* Problem requirements:
Could you set down all of the data again, exactly as it stands?

* Study material:
+--

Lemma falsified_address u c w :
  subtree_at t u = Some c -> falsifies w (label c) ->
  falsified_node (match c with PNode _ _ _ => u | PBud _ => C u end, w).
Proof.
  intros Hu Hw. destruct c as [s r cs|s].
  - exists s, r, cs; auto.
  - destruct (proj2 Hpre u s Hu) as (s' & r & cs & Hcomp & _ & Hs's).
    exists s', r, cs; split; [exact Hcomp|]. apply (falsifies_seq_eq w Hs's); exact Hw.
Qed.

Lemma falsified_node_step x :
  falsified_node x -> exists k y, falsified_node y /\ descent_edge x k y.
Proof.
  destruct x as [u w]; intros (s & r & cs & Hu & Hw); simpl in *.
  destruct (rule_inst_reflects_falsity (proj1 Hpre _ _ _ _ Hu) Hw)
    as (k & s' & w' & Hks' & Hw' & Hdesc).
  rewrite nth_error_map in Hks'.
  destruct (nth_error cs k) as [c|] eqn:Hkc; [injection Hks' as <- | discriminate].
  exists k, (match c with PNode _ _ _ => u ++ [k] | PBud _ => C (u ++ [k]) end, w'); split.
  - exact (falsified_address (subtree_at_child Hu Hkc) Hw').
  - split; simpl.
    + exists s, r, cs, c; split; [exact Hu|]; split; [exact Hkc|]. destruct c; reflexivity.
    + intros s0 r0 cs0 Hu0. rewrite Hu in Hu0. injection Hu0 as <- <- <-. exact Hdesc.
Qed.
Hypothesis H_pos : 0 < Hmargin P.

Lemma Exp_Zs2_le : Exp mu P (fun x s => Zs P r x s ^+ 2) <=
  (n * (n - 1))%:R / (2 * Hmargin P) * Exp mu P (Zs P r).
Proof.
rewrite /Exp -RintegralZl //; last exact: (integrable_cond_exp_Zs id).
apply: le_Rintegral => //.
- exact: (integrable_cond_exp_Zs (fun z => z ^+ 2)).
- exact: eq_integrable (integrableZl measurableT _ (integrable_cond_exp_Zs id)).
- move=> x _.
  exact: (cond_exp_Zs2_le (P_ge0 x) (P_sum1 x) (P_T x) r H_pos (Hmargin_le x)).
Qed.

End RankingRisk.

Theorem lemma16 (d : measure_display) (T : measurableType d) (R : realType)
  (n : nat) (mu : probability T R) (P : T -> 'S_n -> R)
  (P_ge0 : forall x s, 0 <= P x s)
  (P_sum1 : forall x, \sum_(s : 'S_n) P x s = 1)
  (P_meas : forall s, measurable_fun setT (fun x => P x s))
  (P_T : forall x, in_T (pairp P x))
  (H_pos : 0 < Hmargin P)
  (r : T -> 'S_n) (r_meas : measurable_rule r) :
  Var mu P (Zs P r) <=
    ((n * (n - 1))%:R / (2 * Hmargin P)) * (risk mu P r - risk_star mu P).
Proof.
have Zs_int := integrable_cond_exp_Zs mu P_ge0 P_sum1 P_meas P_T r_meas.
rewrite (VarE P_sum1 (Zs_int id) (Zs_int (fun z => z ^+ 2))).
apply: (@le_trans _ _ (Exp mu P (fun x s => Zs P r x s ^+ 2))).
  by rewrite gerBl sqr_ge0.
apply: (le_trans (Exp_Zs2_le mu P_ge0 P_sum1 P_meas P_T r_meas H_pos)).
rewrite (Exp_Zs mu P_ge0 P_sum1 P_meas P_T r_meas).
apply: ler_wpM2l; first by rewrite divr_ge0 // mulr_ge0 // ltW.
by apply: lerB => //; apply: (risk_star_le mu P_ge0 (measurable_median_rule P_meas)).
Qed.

+--

* Task answer:
Lemma falsified_address u c w :
  subtree_at t u = Some c -> falsifies w (label c) ->
  falsified_node (match c with PNode _ _ _ => u | PBud _ => C u end, w).
Proof.
  intros Hu Hw. destruct c as [s r cs|s].
  - exists s, r, cs; auto.
  - destruct (proj2 Hpre u s Hu) as (s' & r & cs & Hcomp & _ & Hs's).
    exists s', r, cs; split; [exact Hcomp|]. apply (falsifies_seq_eq w Hs's); exact Hw.
Qed.

Lemma falsified_node_step x :
  falsified_node x -> exists k y, falsified_node y /\ descent_edge x k y.
Proof.
  destruct x as [u w]; intros (s & r & cs & Hu & Hw); simpl in *.
  destruct (rule_inst_reflects_falsity (proj1 Hpre _ _ _ _ Hu) Hw)
    as (k & s' & w' & Hks' & Hw' & Hdesc).
  rewrite nth_error_map in Hks'.
  destruct (nth_error cs k) as [c|] eqn:Hkc; [injection Hks' as <- | discriminate].
  exists k, (match c with PNode _ _ _ => u ++ [k] | PBud _ => C (u ++ [k]) end, w'); split.
  - exact (falsified_address (subtree_at_child Hu Hkc) Hw').
  - split; simpl.
    + exists s, r, cs, c; split; [exact Hu|]; split; [exact Hkc|]. destruct c; reflexivity.
    + intros s0 r0 cs0 Hu0. rewrite Hu in Hu0. injection Hu0 as <- <- <-. exact Hdesc.
Qed.
Hypothesis H_pos : 0 < Hmargin P.

Lemma Exp_Zs2_le : Exp mu P (fun x s => Zs P r x s ^+ 2) <=
  (n * (n - 1))%:R / (2 * Hmargin P) * Exp mu P (Zs P r).
Proof.
rewrite /Exp -RintegralZl //; last exact: (integrable_cond_exp_Zs id).
apply: le_Rintegral => //.
- exact: (integrable_cond_exp_Zs (fun z => z ^+ 2)).
- exact: eq_integrable (integrableZl measurableT _ (integrable_cond_exp_Zs id)).
- move=> x _.
  exact: (cond_exp_Zs2_le (P_ge0 x) (P_sum1 x) (P_T x) r H_pos (Hmargin_le x)).
Qed.

End RankingRisk.

Theorem lemma16 (d : measure_display) (T : measurableType d) (R : realType)
  (n : nat) (mu : probability T R) (P : T -> 'S_n -> R)
  (P_ge0 : forall x s, 0 <= P x s)
  (P_sum1 : forall x, \sum_(s : 'S_n) P x s = 1)
  (P_meas : forall s, measurable_fun setT (fun x => P x s))
  (P_T : forall x, in_T (pairp P x))
  (H_pos : 0 < Hmargin P)
  (r : T -> 'S_n) (r_meas : measurable_rule r) :
  Var mu P (Zs P r) <=
    ((n * (n - 1))%:R / (2 * Hmargin P)) * (risk mu P r - risk_star mu P).
Proof.
have Zs_int := integrable_cond_exp_Zs mu P_ge0 P_sum1 P_meas P_T r_meas.
rewrite (VarE P_sum1 (Zs_int id) (Zs_int (fun z => z ^+ 2))).
apply: (@le_trans _ _ (Exp mu P (fun x s => Zs P r x s ^+ 2))).
  by rewrite gerBl sqr_ge0.
apply: (le_trans (Exp_Zs2_le mu P_ge0 P_sum1 P_meas P_T r_meas H_pos)).
rewrite (Exp_Zs mu P_ge0 P_sum1 P_meas P_T r_meas).
apply: ler_wpM2l; first by rewrite divr_ge0 // mulr_ge0 // ltW.
by apply: lerB => //; apply: (risk_star_le mu P_ge0 (measurable_median_rule P_meas)).
Qed.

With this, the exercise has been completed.